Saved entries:
/---

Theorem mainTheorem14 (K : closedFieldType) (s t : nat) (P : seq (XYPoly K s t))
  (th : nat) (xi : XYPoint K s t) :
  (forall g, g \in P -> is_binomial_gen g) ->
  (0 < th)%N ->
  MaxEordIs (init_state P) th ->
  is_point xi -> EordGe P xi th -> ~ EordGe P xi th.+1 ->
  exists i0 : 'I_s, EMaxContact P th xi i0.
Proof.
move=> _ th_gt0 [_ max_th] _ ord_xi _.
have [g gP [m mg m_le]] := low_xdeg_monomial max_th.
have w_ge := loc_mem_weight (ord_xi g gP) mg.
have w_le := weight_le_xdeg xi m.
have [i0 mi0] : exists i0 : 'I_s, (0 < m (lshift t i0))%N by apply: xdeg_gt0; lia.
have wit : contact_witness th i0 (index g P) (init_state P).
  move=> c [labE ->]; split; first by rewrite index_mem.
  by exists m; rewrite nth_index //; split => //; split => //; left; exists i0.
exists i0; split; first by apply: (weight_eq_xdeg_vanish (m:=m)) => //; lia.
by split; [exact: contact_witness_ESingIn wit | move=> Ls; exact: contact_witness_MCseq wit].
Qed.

\---
/---

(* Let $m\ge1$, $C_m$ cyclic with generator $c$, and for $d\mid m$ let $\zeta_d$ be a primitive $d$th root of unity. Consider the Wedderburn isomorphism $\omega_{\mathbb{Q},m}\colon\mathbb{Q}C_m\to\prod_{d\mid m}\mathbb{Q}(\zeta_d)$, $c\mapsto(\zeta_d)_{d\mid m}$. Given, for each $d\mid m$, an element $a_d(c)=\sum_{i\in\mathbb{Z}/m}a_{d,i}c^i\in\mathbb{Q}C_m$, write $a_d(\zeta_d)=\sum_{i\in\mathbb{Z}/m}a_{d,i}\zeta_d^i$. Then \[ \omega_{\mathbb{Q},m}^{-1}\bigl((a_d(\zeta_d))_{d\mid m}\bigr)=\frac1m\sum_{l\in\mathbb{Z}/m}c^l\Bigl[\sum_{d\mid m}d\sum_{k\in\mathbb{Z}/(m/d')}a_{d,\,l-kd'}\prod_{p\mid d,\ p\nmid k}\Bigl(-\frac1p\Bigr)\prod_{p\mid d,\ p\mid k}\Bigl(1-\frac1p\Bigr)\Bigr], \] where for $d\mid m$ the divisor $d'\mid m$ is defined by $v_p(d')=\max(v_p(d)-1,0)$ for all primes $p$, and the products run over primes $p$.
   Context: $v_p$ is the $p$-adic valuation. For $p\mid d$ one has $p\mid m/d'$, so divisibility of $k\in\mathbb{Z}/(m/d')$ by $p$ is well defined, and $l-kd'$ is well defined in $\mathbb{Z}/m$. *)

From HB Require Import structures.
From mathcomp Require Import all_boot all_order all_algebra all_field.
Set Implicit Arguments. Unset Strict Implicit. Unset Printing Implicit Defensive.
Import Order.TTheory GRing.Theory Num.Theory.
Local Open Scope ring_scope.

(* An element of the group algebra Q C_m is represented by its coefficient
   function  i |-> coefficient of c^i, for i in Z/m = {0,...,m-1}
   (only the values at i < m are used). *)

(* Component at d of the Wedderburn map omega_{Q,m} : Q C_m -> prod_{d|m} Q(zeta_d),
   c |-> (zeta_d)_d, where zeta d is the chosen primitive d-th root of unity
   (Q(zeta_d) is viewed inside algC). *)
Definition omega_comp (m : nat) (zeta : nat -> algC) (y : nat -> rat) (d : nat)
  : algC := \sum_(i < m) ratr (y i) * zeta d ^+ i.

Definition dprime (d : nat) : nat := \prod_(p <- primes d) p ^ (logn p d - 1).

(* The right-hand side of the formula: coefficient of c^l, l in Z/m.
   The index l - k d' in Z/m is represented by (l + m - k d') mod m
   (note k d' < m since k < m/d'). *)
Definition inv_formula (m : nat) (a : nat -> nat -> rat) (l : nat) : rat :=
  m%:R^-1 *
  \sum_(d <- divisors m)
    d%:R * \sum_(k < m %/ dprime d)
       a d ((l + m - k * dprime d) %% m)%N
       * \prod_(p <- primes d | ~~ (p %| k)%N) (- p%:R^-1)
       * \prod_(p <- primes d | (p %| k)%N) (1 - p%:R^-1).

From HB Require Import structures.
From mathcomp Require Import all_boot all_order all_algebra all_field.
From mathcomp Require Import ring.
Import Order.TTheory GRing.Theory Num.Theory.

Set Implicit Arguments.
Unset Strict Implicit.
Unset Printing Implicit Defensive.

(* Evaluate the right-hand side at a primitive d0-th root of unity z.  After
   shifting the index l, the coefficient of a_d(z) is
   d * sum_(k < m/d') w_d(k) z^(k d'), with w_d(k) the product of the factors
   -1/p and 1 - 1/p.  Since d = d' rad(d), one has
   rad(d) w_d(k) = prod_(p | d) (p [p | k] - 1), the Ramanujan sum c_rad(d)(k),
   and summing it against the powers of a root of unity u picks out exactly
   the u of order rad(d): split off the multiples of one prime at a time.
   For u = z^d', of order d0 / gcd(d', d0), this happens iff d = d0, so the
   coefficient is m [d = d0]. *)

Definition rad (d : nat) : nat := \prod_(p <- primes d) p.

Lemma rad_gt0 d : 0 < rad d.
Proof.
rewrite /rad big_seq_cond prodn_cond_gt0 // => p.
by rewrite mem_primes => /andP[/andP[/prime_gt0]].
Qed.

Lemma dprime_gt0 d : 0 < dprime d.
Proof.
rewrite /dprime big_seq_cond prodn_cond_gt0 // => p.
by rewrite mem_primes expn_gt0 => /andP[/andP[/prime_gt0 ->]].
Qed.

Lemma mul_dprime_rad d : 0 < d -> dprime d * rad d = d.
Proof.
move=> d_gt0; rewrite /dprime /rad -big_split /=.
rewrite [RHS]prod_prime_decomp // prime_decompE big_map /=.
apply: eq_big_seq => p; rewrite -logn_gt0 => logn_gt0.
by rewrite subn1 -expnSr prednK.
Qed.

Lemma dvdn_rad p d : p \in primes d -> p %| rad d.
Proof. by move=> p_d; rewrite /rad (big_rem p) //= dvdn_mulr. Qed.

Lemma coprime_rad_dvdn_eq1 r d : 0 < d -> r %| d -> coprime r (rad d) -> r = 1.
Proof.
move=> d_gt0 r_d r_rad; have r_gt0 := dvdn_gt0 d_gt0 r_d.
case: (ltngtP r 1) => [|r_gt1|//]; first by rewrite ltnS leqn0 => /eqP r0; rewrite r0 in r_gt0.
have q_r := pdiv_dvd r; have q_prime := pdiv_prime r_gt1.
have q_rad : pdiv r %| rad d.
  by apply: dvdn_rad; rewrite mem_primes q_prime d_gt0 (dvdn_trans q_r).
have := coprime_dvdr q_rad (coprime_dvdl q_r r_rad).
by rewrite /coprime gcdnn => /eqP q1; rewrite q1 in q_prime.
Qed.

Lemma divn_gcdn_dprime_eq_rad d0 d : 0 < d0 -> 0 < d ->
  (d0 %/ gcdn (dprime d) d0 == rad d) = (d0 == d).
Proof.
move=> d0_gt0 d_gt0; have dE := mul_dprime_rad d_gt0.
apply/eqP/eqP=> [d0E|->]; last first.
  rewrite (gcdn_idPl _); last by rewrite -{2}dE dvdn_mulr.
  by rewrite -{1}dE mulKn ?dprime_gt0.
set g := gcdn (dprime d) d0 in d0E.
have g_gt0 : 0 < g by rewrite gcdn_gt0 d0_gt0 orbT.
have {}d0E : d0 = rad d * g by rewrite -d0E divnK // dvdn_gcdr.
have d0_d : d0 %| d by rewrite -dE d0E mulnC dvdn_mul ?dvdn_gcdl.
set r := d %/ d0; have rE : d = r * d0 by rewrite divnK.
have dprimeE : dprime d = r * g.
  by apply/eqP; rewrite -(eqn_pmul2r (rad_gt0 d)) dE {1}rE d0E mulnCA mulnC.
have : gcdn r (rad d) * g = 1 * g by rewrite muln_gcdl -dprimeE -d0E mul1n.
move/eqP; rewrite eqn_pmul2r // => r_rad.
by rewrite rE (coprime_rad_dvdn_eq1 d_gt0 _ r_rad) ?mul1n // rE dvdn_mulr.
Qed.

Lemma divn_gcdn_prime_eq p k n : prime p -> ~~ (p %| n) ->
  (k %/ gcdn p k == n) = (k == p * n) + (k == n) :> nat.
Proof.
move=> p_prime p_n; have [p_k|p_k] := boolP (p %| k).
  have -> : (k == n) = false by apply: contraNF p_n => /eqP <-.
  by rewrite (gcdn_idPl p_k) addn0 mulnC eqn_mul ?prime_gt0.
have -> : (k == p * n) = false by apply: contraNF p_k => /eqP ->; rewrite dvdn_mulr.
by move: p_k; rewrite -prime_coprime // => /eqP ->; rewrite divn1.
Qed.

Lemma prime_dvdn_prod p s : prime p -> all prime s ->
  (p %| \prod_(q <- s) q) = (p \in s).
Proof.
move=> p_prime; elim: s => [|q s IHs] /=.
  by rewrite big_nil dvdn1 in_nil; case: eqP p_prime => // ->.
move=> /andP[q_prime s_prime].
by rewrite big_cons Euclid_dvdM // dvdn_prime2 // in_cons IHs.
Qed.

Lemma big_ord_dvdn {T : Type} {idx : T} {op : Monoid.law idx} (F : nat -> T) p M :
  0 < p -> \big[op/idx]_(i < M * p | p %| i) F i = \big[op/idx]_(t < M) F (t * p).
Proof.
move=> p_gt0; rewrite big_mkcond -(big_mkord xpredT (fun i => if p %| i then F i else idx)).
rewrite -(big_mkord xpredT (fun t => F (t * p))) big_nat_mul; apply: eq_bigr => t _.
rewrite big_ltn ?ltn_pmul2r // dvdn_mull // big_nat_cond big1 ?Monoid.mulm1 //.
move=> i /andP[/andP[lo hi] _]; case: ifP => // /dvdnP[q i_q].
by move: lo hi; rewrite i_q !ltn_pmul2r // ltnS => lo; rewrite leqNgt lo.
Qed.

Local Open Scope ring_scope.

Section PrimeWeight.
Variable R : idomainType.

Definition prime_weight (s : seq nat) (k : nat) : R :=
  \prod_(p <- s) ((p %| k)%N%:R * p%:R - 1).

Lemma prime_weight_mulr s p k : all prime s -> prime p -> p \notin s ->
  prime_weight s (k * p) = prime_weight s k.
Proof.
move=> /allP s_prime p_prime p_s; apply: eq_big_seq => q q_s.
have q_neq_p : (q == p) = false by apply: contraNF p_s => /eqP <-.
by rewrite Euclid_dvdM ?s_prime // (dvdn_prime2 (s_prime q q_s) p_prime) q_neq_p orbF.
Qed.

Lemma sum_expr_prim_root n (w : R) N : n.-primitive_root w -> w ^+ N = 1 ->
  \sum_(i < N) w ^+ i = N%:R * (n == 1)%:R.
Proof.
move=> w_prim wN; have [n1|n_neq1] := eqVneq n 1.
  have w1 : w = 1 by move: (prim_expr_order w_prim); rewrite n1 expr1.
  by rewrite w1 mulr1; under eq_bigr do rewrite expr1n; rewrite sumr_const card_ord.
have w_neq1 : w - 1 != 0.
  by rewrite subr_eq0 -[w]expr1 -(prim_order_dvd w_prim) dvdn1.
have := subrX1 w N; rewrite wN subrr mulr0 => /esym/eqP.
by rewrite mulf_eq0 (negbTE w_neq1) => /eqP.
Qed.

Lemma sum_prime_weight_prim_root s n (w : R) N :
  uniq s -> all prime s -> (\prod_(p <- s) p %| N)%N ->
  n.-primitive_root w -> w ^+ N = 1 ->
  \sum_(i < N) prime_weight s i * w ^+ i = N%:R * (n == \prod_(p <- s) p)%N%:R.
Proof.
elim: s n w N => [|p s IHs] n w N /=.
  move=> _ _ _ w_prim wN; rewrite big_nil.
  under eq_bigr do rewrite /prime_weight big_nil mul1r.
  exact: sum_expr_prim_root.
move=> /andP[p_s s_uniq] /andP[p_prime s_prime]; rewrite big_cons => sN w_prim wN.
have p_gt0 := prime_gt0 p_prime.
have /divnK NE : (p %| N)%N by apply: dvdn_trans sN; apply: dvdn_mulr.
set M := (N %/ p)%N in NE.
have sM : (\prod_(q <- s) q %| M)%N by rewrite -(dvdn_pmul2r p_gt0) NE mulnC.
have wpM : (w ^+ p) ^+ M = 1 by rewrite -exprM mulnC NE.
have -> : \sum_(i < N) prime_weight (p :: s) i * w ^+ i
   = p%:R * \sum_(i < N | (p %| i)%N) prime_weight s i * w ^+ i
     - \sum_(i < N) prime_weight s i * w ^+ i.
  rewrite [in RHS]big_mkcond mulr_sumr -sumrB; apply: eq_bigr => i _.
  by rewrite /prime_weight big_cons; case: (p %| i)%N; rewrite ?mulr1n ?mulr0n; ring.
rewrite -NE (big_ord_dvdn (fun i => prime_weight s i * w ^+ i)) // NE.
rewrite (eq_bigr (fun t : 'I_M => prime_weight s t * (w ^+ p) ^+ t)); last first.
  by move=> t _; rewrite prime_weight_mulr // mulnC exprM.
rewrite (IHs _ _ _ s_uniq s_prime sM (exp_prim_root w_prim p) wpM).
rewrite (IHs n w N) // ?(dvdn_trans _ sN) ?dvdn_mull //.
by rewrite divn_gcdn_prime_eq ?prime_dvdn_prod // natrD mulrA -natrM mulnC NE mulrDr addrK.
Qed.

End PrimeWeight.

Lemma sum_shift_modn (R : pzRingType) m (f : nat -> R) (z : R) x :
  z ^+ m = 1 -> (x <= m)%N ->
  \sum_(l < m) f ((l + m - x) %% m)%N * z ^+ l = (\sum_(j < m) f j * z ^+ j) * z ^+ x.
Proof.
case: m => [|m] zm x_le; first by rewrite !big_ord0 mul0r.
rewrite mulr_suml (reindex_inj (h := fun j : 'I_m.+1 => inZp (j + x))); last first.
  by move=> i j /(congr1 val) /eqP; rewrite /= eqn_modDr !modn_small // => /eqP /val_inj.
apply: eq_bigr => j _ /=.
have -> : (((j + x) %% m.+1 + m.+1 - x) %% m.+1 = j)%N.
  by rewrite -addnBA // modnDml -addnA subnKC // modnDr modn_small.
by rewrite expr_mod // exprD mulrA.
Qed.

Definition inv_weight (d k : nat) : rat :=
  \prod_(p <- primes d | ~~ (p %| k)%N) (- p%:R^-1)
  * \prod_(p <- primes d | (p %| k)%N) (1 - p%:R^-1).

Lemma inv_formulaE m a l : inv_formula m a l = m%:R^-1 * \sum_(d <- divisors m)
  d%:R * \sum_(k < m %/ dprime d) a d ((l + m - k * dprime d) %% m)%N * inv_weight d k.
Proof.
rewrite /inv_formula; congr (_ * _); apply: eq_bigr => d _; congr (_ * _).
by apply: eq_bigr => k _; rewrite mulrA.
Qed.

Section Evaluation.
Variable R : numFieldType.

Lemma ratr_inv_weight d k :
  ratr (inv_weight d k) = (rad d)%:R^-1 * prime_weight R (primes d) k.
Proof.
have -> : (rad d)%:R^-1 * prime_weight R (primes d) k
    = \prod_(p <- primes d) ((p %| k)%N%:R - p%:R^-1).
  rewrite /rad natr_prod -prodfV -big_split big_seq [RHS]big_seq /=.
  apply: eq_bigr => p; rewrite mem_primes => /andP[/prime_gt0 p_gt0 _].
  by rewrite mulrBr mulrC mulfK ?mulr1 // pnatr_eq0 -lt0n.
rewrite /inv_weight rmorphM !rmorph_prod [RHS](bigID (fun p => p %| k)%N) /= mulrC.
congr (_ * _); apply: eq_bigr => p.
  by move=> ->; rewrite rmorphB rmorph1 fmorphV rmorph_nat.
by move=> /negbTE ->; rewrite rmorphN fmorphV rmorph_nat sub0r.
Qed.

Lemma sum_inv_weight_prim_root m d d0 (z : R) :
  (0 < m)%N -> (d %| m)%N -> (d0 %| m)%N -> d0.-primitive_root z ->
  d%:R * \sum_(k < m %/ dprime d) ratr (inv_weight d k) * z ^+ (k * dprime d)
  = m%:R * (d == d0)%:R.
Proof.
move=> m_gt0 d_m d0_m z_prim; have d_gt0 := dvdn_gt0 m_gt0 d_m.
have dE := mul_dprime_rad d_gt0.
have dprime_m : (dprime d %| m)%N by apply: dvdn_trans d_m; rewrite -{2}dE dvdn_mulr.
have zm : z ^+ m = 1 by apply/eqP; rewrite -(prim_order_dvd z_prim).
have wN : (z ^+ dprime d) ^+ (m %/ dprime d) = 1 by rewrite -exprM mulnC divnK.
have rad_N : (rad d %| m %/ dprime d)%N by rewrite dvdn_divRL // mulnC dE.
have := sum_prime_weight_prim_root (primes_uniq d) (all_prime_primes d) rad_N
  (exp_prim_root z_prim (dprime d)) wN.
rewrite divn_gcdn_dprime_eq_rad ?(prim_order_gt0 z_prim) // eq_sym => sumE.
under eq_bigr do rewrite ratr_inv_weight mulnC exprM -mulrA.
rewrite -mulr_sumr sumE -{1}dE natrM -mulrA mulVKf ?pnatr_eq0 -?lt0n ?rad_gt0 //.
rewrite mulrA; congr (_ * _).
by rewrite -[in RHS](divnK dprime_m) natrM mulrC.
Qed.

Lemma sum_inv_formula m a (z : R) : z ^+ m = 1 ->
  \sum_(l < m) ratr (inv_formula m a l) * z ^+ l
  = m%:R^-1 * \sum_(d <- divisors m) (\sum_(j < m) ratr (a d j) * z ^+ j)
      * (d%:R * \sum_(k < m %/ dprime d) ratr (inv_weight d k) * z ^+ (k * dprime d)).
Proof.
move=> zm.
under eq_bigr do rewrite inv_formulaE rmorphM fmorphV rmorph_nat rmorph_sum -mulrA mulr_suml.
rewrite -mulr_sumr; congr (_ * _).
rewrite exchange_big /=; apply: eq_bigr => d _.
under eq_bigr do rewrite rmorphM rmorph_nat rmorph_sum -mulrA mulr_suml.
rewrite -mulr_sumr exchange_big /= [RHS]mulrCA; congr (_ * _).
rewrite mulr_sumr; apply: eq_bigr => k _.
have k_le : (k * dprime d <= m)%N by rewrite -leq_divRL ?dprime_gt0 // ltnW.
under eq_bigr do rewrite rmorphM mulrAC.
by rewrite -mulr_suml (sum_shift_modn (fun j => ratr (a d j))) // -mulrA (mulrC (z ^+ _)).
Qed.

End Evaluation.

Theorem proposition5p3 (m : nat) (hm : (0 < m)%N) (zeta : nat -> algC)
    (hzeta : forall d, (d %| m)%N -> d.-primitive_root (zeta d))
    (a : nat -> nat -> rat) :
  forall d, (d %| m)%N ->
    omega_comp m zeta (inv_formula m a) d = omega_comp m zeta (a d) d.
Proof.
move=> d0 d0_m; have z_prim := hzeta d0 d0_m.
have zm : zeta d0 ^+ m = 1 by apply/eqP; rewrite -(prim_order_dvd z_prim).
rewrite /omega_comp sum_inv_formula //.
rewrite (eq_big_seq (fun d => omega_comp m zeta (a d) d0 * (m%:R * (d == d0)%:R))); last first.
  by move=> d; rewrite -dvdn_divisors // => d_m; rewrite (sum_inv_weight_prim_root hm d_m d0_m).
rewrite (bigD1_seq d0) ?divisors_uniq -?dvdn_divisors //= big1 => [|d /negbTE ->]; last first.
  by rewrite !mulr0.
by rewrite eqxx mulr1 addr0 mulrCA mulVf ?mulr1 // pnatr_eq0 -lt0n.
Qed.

\---

=== WHAT YOU NEED TO DO ===
Only the lines above from the one with "and summing it" through the one with "set g := gcdn (dprime d) d0 in d0E." should be duplicated, character for character.

=== EXERCISE RESULT ===
   and summing it against the powers of a root of unity u picks out exactly
   the u of order rad(d): split off the multiples of one prime at a time.
   For u = z^d', of order d0 / gcd(d', d0), this happens iff d = d0, so the
   coefficient is m [d = d0]. *)

Definition rad (d : nat) : nat := \prod_(p <- primes d) p.

Lemma rad_gt0 d : 0 < rad d.
Proof.
rewrite /rad big_seq_cond prodn_cond_gt0 // => p.
by rewrite mem_primes => /andP[/andP[/prime_gt0]].
Qed.

Lemma dprime_gt0 d : 0 < dprime d.
Proof.
rewrite /dprime big_seq_cond prodn_cond_gt0 // => p.
by rewrite mem_primes expn_gt0 => /andP[/andP[/prime_gt0 ->]].
Qed.

Lemma mul_dprime_rad d : 0 < d -> dprime d * rad d = d.
Proof.
move=> d_gt0; rewrite /dprime /rad -big_split /=.
rewrite [RHS]prod_prime_decomp // prime_decompE big_map /=.
apply: eq_big_seq => p; rewrite -logn_gt0 => logn_gt0.
by rewrite subn1 -expnSr prednK.
Qed.

Lemma dvdn_rad p d : p \in primes d -> p %| rad d.
Proof. by move=> p_d; rewrite /rad (big_rem p) //= dvdn_mulr. Qed.

Lemma coprime_rad_dvdn_eq1 r d : 0 < d -> r %| d -> coprime r (rad d) -> r = 1.
Proof.
move=> d_gt0 r_d r_rad; have r_gt0 := dvdn_gt0 d_gt0 r_d.
case: (ltngtP r 1) => [|r_gt1|//]; first by rewrite ltnS leqn0 => /eqP r0; rewrite r0 in r_gt0.
have q_r := pdiv_dvd r; have q_prime := pdiv_prime r_gt1.
have q_rad : pdiv r %| rad d.
  by apply: dvdn_rad; rewrite mem_primes q_prime d_gt0 (dvdn_trans q_r).
have := coprime_dvdr q_rad (coprime_dvdl q_r r_rad).
by rewrite /coprime gcdnn => /eqP q1; rewrite q1 in q_prime.
Qed.

Lemma divn_gcdn_dprime_eq_rad d0 d : 0 < d0 -> 0 < d ->
  (d0 %/ gcdn (dprime d) d0 == rad d) = (d0 == d).
Proof.
move=> d0_gt0 d_gt0; have dE := mul_dprime_rad d_gt0.
apply/eqP/eqP=> [d0E|->]; last first.
  rewrite (gcdn_idPl _); last by rewrite -{2}dE dvdn_mulr.
  by rewrite -{1}dE mulKn ?dprime_gt0.
set g := gcdn (dprime d) d0 in d0E.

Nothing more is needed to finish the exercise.